Cryptosporidium spp. are protozoan parasites that cause mild-to-severe diarrhea in humans and a wide range of animals [1]. Infections with these parasites occur via the fecal−oral route either by direct contact with infected animals or by the ingestion of infective oocysts from contaminated water or food [2–5]. To date, 40 Cryptosporidium spp. have been described [6], and among them, four species, namely, C. andersoni, C. bovis, C. parvum, and C. ryanae, have been identified in cattle. The distribution of these species is known to vary according to age [4, 7]. In particular, C. parvum is one of the most important pathogens causing diarrhea in neonatal calves worldwide and leads to severe economic losses owing to poor growth, decreased productivity, and even death [8]. Moreover, C. parvum is the major pathogenic species that affects humans [9, 10]. Unlike C. parvum, C. bovis, and C. ryanae usually infect post-weaned calves and yearlings without causing illness, and C. andersoni is mainly found in adult cattle [11–13]. The pathogenicity of C. bovis, and C. ryanae in post-weaned calves has not been established [9]. The oocysts of C. parvum, C. bovis, and C. ryanae are similar in size and shape. While C. ryanae is smaller than the others and requires molecular methods for its determination [14, 15], C. andersoni is larger in size and infects the abomasum [16].
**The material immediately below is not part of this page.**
(* Fix a mass ratio $0<\mu<1$ and set $e=(1-\mu,0)$, $s=(-\mu,0)$. Let $$V(q)=-\frac{\mu}{|q-e|}-\frac{1-\mu}{|q-s|}-\frac12|q|^2,\qquad q\in\mathbb{R}^2\setminus\{e,s\},$$ and consider the planar circular restricted three-body problem, i.e. the Hamiltonian $H(q,p)=\tfrac12\big((p_1+q_2)^2+(p_2-q_1)^2\big)+V(q)$ on $T^*(\mathbb{R}^2\setminus\{e,s\})$ with the standard symplectic form, whose solutions in configuration space satisfy $$\ddot q_1=2\dot q_2-\frac{\partial V}{\partial q_1}(q),\qquad \ddot q_2=-2\dot q_1-\frac{\partial V}{\partial q_2}(q).$$ Let $\ell_2$ and $\ell_3$ be the collinear Lagrange points defined in the context, and let $c<\min\{V(\ell_2),V(\ell_3)\}$. Then every periodic solution $x\colon\mathbb{R}\to\mathbb{R}^2\setminus\{e,s\}$ of these equations with energy $c$ whose image lies in the bounded Hill's region $\mathfrak{K}_c^b$ has at least two distinct syzygies during each period: if $T>0$ is a period of $x$, there exist at least two distinct times $t\in[0,T)$ with $x_2(t)=0$.
   Context: The function $u(x)=V(x,0)$ restricted to the $q_1$-axis is strictly concave on each of the intervals $(-\infty,-\mu)$, $(-\mu,1-\mu)$, $(1-\mu,\infty)$ and tends to $-\infty$ at their endpoints. Its unique maxima on these intervals are denoted $\ell_3\in(-\infty,-\mu)$, $\ell_1\in(-\mu,1-\mu)$ and $\ell_2\in(1-\mu,\infty)$ (viewed as points $(\ell_i,0)$ of the plane). These are critical points of $V$ with $V(\ell_1)<V(\ell_2)$ and $V(\ell_1)<V(\ell_3)$. The energy of a solution is the constant value of $H$ along it, where $p=(\dot q_1-q_2,\dot q_2+q_1)$. The Hill's region at energy $c$ is $\mathfrak{K}_c=\{q\in\mathbb{R}^2\setminus\{e,s\}: V(q)\le c\}$. For $c<\min\{V(\ell_2),V(\ell_3)\}$, $\mathfrak{K}_c$ splits into one unbounded connected component and a bounded part $\mathfrak{K}_c^b$, namely the union of the bounded connected components. If $V(\ell_1)\le c$, this bounded part is a single component containing $e$ and $s$ in its closure. If $c<V(\ell_1)$, it consists of two components, one around each of $e$ and $s$. A syzygy of $x$ is a time at which $x$ lies on the $q_1$-axis, i.e. $x_2(t)=0$. *)

From Stdlib Require Import Reals.
From Coquelicot Require Import Coquelicot.
Open Scope R_scope.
According to the subtyping of C. parvum based on sequence analysis of the 60-kDa glycoprotein (gp60) gene, Ⅱa and Ⅱd subtypes have been detected in both humans and calves and can cause zoonotic cryptosporidiosis [17]. The Ⅱa subtype is mostly identified in calves, and IIaA15G2R1 is the predominant subtype [7] globally, including the Republic of Korea (KOR) [18]. The IId subtype is usually found in lambs and goat kids [4, 19] and has been described in calves in some countries such as Sweden, Turkey, Egypt, and China [20–23]. To date, most investigations of cryptosporidiosis in calves caused by C. parvum have focused on the IIa subtype in most countries. However, there are a few studies on C. parvum subtypes in calves in the KOR [18, 24].
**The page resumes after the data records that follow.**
(* Consider the two-individual system under (h1), (h2), (h3), and suppose $M>0$. Then both individuals act infinitely (countably) many times after any fixed time $t_{start}\ge0$; that is, the system is in the full action state.
   Context: Two-individual model ($n=2$): parameters $\sigma_A,\sigma_S\ge 0$, $\sigma_C>0$, $\mu_S\in[0,1]$, $\mu_C>0$, $r>0$, $\tau\in(0,1)$, $\alpha_1,\alpha_2\in(-1,1)$. States $x_i\in(-1,1)$, $y_i\in[0,1]$, with $\gamma_1=y_2$, $\gamma_2=y_1$. Between action events: $\dot x_i=[\sigma_A\alpha_i+\sigma_S(\gamma_i-\mu_S)]\,\sigma_C(\gamma_i+\mu_C)(1-x_i)(1+x_i)$, $\dot y_i=-ry_i$. Individual $i$ ''acts'' at time $t$ when $x_i(t)$ reaches $\tau$; immediately afterwards $x_i$ is reset to $0$ and $y_i$ to $1$, and evolution resumes. Hypotheses: (h1) $\sigma_A\alpha_1-\sigma_S\mu_S>0$; (h2) $\sigma_A\alpha_2-\sigma_S\mu_S\le0$; (h3) $x_1(0)=y_1(0)=y_2(0)=0$ and $x_2(0)\in(-1,\tau)$. Constants: $A_1=(\sigma_A\alpha_1-\sigma_S\mu_S)\sigma_C\mu_C$, $T=\tanh^{-1}(\tau)/A_1$, $A=(\sigma_A\alpha_2-\sigma_S\mu_S)\sigma_C\mu_C$, $B=-\frac1r\big[(\sigma_A\alpha_2-\sigma_S\mu_S)\sigma_C+\sigma_S\sigma_C\mu_C\big]$, $C=-\frac{\sigma_S\sigma_C}{2r}$, $M=AT+Be^{-rT}+Ce^{-2rT}-B-C$. *)

From Stdlib Require Import Reals List.
From Coquelicot Require Import Coquelicot.
Open Scope R_scope.

Definition atanh (x : R) : R := / 2 * ln ((1 + x) / (1 - x)).

Record params := Params {
  sA : R; sS : R; sC : R; muS : R; muC : R; rr : R; tau : R;
  al1 : R; al2 : R }.

Definition valid_params (p : params) : Prop :=
  0 <= sA p /\ 0 <= sS p /\ 0 < sC p /\ 0 <= muS p <= 1 /\ 0 < muC p /\
  0 < rr p /\ 0 < tau p < 1 /\ -1 < al1 p < 1 /\ -1 < al2 p < 1.

(** Right-hand side of the opinion equation for individual with bias
    [alpha], perceived signal [gamma] and state [x]. *)
Definition xrhs (p : params) (alpha gamma x : R) : R :=
  (sA p * alpha + sS p * (gamma - muS p)) * sC p * (gamma + muC p)
  * (1 - x) * (1 + x).

Definition A1c (p : params) := (sA p * al1 p - sS p * muS p) * sC p * muC p.
Definition Tc (p : params) := atanh (tau p) / A1c p.
Definition Ac (p : params) := (sA p * al2 p - sS p * muS p) * sC p * muC p.
Definition Bc (p : params) :=
  - / rr p * ((sA p * al2 p - sS p * muS p) * sC p + sS p * sC p * muC p).
Definition Cc (p : params) := - (sS p * sC p) / (2 * rr p).
Definition Mc (p : params) :=
  Ac p * Tc p + Bc p * exp (- rr p * Tc p) + Cc p * exp (- 2 * rr p * Tc p)
  - Bc p - Cc p.

Definition finite_set (E : R -> Prop) : Prop :=
  exists l : list R, forall t, E t -> In t l.

(** Solution of the hybrid two-individual system on [0, +oo).
    [x1 x2 y1 y2] are the (right-continuous) state trajectories; [E1], [E2]
    are the sets of action times of individuals 1 and 2.  The value at an
    action time is the post-reset value.  gamma_1 = y2, gamma_2 = y1. *)
Definition is_solution (p : params) (x1 x2 y1 y2 : R -> R)
    (E1 E2 : R -> Prop) : Prop :=
  (forall t, E1 t -> 0 < t) /\ (forall t, E2 t -> 0 < t) /\
  (forall T, finite_set (fun t => E1 t /\ t <= T)) /\
  (forall T, finite_set (fun t => E2 t /\ t <= T)) /\
  (forall t, 0 <= t -> -1 < x1 t < tau p /\ -1 < x2 t < tau p) /\
  (forall t, 0 <= t -> 0 <= y1 t <= 1 /\ 0 <= y2 t <= 1) /\
  (forall t, 0 < t -> ~ E1 t -> ~ E2 t ->
     is_derive x1 t (xrhs p (al1 p) (y2 t) (x1 t)) /\
     is_derive x2 t (xrhs p (al2 p) (y1 t) (x2 t)) /\
     is_derive y1 t (- rr p * y1 t) /\
     is_derive y2 t (- rr p * y2 t)) /\
  (forall t, 0 < t -> ~ E1 t -> continuous x1 t /\ continuous y1 t) /\
  (forall t, 0 < t -> ~ E2 t -> continuous x2 t /\ continuous y2 t) /\
  (forall t, 0 <= t ->
     filterlim x1 (at_right t) (locally (x1 t)) /\
     filterlim x2 (at_right t) (locally (x2 t)) /\
     filterlim y1 (at_right t) (locally (y1 t)) /\
     filterlim y2 (at_right t) (locally (y2 t))) /\
  (forall t, E1 t ->
     filterlim x1 (at_left t) (locally (tau p)) /\ x1 t = 0 /\ y1 t = 1) /\
  (forall t, E2 t ->
     filterlim x2 (at_left t) (locally (tau p)) /\ x2 t = 0 /\ y2 t = 1).

From Stdlib Require Import Reals List Lra Classical.
From Coquelicot Require Import Coquelicot.
Open Scope R_scope.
Cryptosporidium parvum infects the intestinal mucosa and accounts for over 90% of Cryptosporidium infections in neonatal calves [23]. In contrast, in pre-weaned calves, the prevalence of C. bovis and C. ryanae and their effects on causing diarrhea remain unclear. Several studies have reported that C. bovis and C. ryanae are present in pre-weaned calves [23, 25, 26] and that C. ryanae infections are particularly associated with moderate diarrhea in pre-weaned calves [23]. However, little is known about the association between C. bovis and diarrhea. In addition, a previous study has indicated the high prevalence of C. bovis and C. ryanae in hemorrhagic diarrhea in the KOR [24]. Nevertheless, the pathogenicity of these organisms is still unclear.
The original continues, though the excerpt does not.